- Derradd Location of Derradd within County Westmeath in the Republic of Ireland
- Coordinates: 53°39′27″N 7°26′37″W﻿ / ﻿53.65750°N 7.44361°W
- Country: Ireland
- Province: Leinster
- County: County Westmeath
- Irish grid reference: N368676

= Derradd =

Townland in County Westmeath, Ireland

Derradd is a townland in County Westmeath, Ireland, 16 km north–west of Mullingar.

Derradd is one of 35 townlands of the civil parish of Street in the barony of Moygoish in the Province of Leinster. The townland covers 284.61 acre and the eastern boundary is formed by the River Inny.

The neighbouring townlands are: Clonkeen to the north and west, Lackanwood to the south–east and Hospitalbank and Monagead to the south.

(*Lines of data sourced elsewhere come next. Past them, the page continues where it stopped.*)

(* Let $n\ge 1$, $V=(\mathbb F_2)^n$, let $r\ge 1$ and let $\rho_1,\dots,\rho_r\in\mathrm{Sym}(V)$. Let $\Phi$ be the $r$-round long-key Feistel network whose encryption functions are \[ E_{(k_1,\dots,k_r)}=\bar\rho_1\sigma_{(0,k_1)}\bar\rho_2\sigma_{(0,k_2)}\cdots\bar\rho_r\sigma_{(0,k_r)},\qquad (k_1,\dots,k_r)\in V^r, \] and let $\Gamma(\Phi)=\langle E_{(k_1,\dots,k_r)}\mid (k_1,\dots,k_r)\in V^r\rangle\le \mathrm{Sym}(V\times V)$. Then \[ \langle \bar\rho_1\bar\rho_2\cdots\bar\rho_r,\ T(V\times V)\rangle \le \Gamma(\Phi). \] In particular $T(V\times V)\le\Gamma(\Phi)$.
   Context: Maps act on the right ($x\mapsto xf$) and products of maps are composed left to right ($fg$ means first $f$, then $g$); $+$ is bitwise XOR on $V$. For $\rho\in\mathrm{Sym}(V)$, the Feistel operator induced by $\rho$ is the map $\bar\rho: V\times V\to V\times V$, $(x_1,x_2)\bar\rho=(x_2,\ x_1+x_2\rho)$. For $(h,k)\in V\times V$, $\sigma_{(h,k)}:V\times V\to V\times V$ is defined by $(x_1,x_2)\sigma_{(h,k)}=(x_1+k,\ x_2+h)$, and $T(V\times V)=\{\sigma_{(h,k)}\mid (h,k)\in V\times V\}$. *)

From HB Require Import structures.
From mathcomp Require Import all_boot all_order all_algebra all_fingroup.
Set Implicit Arguments. Unset Strict Implicit. Unset Printing Implicit Defensive.
Import GRing.Theory.

Definition V (n : nat) := 'rV['F_2]_n.

Section Feistel.
Variable n : nat.
Local Open Scope ring_scope.

Definition feistel_fun (rho : {perm V n}) (x : V n * V n) : V n * V n :=
  (x.2, x.1 + rho x.2).

Lemma feistel_fun_inj rho : injective (feistel_fun rho).
Proof.
move=> [a b] [c d] [/= Ebd Eac]; rewrite Ebd in Eac.
by rewrite (addIr _ Eac) Ebd.
Qed.

Definition feistel (rho : {perm V n}) : {perm V n * V n} :=
  perm (@feistel_fun_inj rho).

(* Translation sigma_(h,k): (x1,x2) |-> (x1 + k, x2 + h). *)
Definition sigma_fun (hk : V n * V n) (x : V n * V n) : V n * V n :=
  (x.1 + hk.2, x.2 + hk.1).

Lemma sigma_fun_inj hk : injective (sigma_fun hk).
Proof. by move=> [a b] [c d] [/= /addIr -> /addIr ->]. Qed.

Definition sigma (hk : V n * V n) : {perm V n * V n} := perm (@sigma_fun_inj hk).

Definition transl_group : {set {perm V n * V n}} := [set sigma hk | hk : V n * V n].

(* Encryption function E_(k_1..k_r) = rhobar_1 sigma_(0,k_1) ... rhobar_r sigma_(0,k_r);
   mathcomp permutation product s * t means "first s, then t". *)
Definition encrypt (r : nat) (rho : 'I_r -> {perm V n}) (k : {ffun 'I_r -> V n})
  : {perm V n * V n} :=
  (\prod_(i < r) (feistel (rho i) * sigma (0, k i)))%g.

Definition Gamma (r : nat) (rho : 'I_r -> {perm V n}) : {set {perm V n * V n}} :=
  <<[set encrypt rho k | k : {ffun 'I_r -> V n}]>>%g.

End Feistel.

From mathcomp Require Import all_boot all_order all_algebra all_fingroup.
Import GRing.Theory.

Set Implicit Arguments.
Unset Strict Implicit.
Unset Printing Implicit Defensive.

(* With the all-zero key the cipher is P := rhobar_1 ... rhobar_r,
   so P is in Gamma.  Putting the key h into the last round only gives
   P sigma_(0,h), hence sigma_(0,h) is in Gamma.  Since
   sigma_(0,h) rhobar = rhobar sigma_(h,0), putting h into the penultimate round
   gives P sigma_(h,0) (for r = 1 one conjugates sigma_(0,h) by P = rhobar_1
   instead).  These two families generate T(V x V). *)

Section Translations.
Variable n : nat.
Local Open Scope ring_scope.

Lemma sigma0 : sigma 0 = (1 : {perm V n * V n})%g.
Proof. by apply/permP => -[x y]; rewrite permE perm1 /sigma_fun /= !addr0. Qed.

Lemma sigmaD (a b : V n * V n) : sigma (a + b) = (sigma a * sigma b)%g.
Proof. by apply/permP => -[x y]; rewrite permM !permE /sigma_fun /= !addrA. Qed.

Lemma sigma_feistel (rho : {perm V n}) (h : V n) :
  (sigma (0, h) * feistel rho)%g = (feistel rho * sigma (h, 0))%g.
Proof.
apply/permP => -[x y]; rewrite !permM !permE /sigma_fun /feistel_fun /=.
by rewrite !addr0 addrAC.
Qed.

End Translations.

Section Encryption.
Variable n : nat.
Local Open Scope group_scope.

Definition round_key (r m : nat) (h : V n) : {ffun 'I_r -> V n} :=
  [ffun i => if val i == m then h else 0%R].

Lemma encrypt_in_Gamma r (rho : 'I_r -> {perm V n}) k : encrypt rho k \in Gamma rho.
Proof. exact/mem_gen/imset_f. Qed.

Lemma prod_feistel_zero_keys r (rho : 'I_r -> {perm V n}) (k : 'I_r -> V n) :
  (forall i, k i = 0%R) ->
  \prod_(i < r) (feistel (rho i) * sigma (0%R, k i)) = \prod_(i < r) feistel (rho i).
Proof. by move=> k0; apply: eq_bigr => i _; rewrite k0 sigma0 mulg1. Qed.

Lemma encrypt0 r (rho : 'I_r -> {perm V n}) :
  encrypt rho 0%R = \prod_(i < r) feistel (rho i).
Proof. by apply: prod_feistel_zero_keys => i; rewrite ffunE. Qed.

Lemma encrypt_last_key r (rho : 'I_r.+1 -> {perm V n}) h :
  encrypt rho (round_key r.+1 r h) = \prod_(i < r.+1) feistel (rho i) * sigma (0%R, h).
Proof.
rewrite /encrypt !big_ord_recr /= ffunE eqxx -mulgA.
congr (_ * _); apply: prod_feistel_zero_keys => i.
by rewrite ffunE (ltn_eqF (ltn_ord i)).
Qed.

Lemma encrypt_penultimate_key r (rho : 'I_r.+2 -> {perm V n}) h :
  encrypt rho (round_key r.+2 r h) = \prod_(i < r.+2) feistel (rho i) * sigma (h, 0%R).
Proof.
rewrite /encrypt !big_ord_recr /= !ffunE /= eqxx gtn_eqF // sigma0 mulg1.
rewrite -!mulgA sigma_feistel; congr (_ * _).
apply: prod_feistel_zero_keys => i.
by rewrite ffunE (ltn_eqF (ltn_ord i)).
Qed.

Lemma prod_feistel_in_Gamma r (rho : 'I_r -> {perm V n}) :
  \prod_(i < r) feistel (rho i) \in Gamma rho.
Proof. by rewrite -encrypt0 encrypt_in_Gamma. Qed.

Lemma sigma_0h_in_Gamma r (rho : 'I_r.+1 -> {perm V n}) h :
  sigma (0%R, h) \in Gamma rho.
Proof.
by rewrite -(groupMl _ (prod_feistel_in_Gamma rho)) -encrypt_last_key encrypt_in_Gamma.
Qed.

Lemma sigma_h0_in_Gamma r (rho : 'I_r.+1 -> {perm V n}) h :
  sigma (h, 0%R) \in Gamma rho.
Proof.
case: r rho => [|r] rho; last first.
  by rewrite -(groupMl _ (prod_feistel_in_Gamma rho)) -encrypt_penultimate_key encrypt_in_Gamma.
have -> : sigma (h, 0%R) = sigma (0%R, h) ^ \prod_(i < 1) feistel (rho i).
  by rewrite conjgE big_ord1 sigma_feistel mulKg.
by rewrite groupJ ?sigma_0h_in_Gamma ?prod_feistel_in_Gamma.
Qed.

Lemma transl_group_sub_Gamma r (rho : 'I_r.+1 -> {perm V n}) :
  transl_group n \subset Gamma rho.
Proof.
apply/subsetP => _ /imsetP[[h k] _ ->].
have -> : (h, k) = ((h, 0) + (0, k))%R.
  by congr pair; rewrite /= (addr0, add0r).
by rewrite sigmaD groupM ?sigma_h0_in_Gamma ?sigma_0h_in_Gamma.
Qed.

End Encryption.

Theorem lemma4p1 (n : nat) (hn : 0 < n) (r : nat) (hr : 0 < r)
  (rho : 'I_r -> {perm V n}) :
  (<<(\prod_(i < r) feistel (rho i)) |: transl_group n>> \subset Gamma rho)%g
  /\ (transl_group n \subset Gamma rho)%g.
Proof.
case: r hr rho => // r _ rho.
have transl_sub := transl_group_sub_Gamma rho.
split=> //.
by rewrite gen_subG subUset sub1set prod_feistel_in_Gamma transl_sub.
Qed.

The Dublin–Sligo railway line of the national rail company Iarnród Éireann, carrying the Dublin to Longford commuter service and the Dublin to Sligo intercity service, passes through the townland. The Ordnance Survey map, produced at the time of the Griffith's Valuation survey of Ireland (completed in 1869), shows a junction of two lines. The modern-day mainline is shown as the Mullingar and Longford Railway, the branch line to Cavan is marked as the Cavan Junction Railway and the station is shown as Cavan or Derradd Junction.

In the 1911 census of Ireland there were 5 houses and 33 inhabitants in the townland. Six of the residents were railway employees.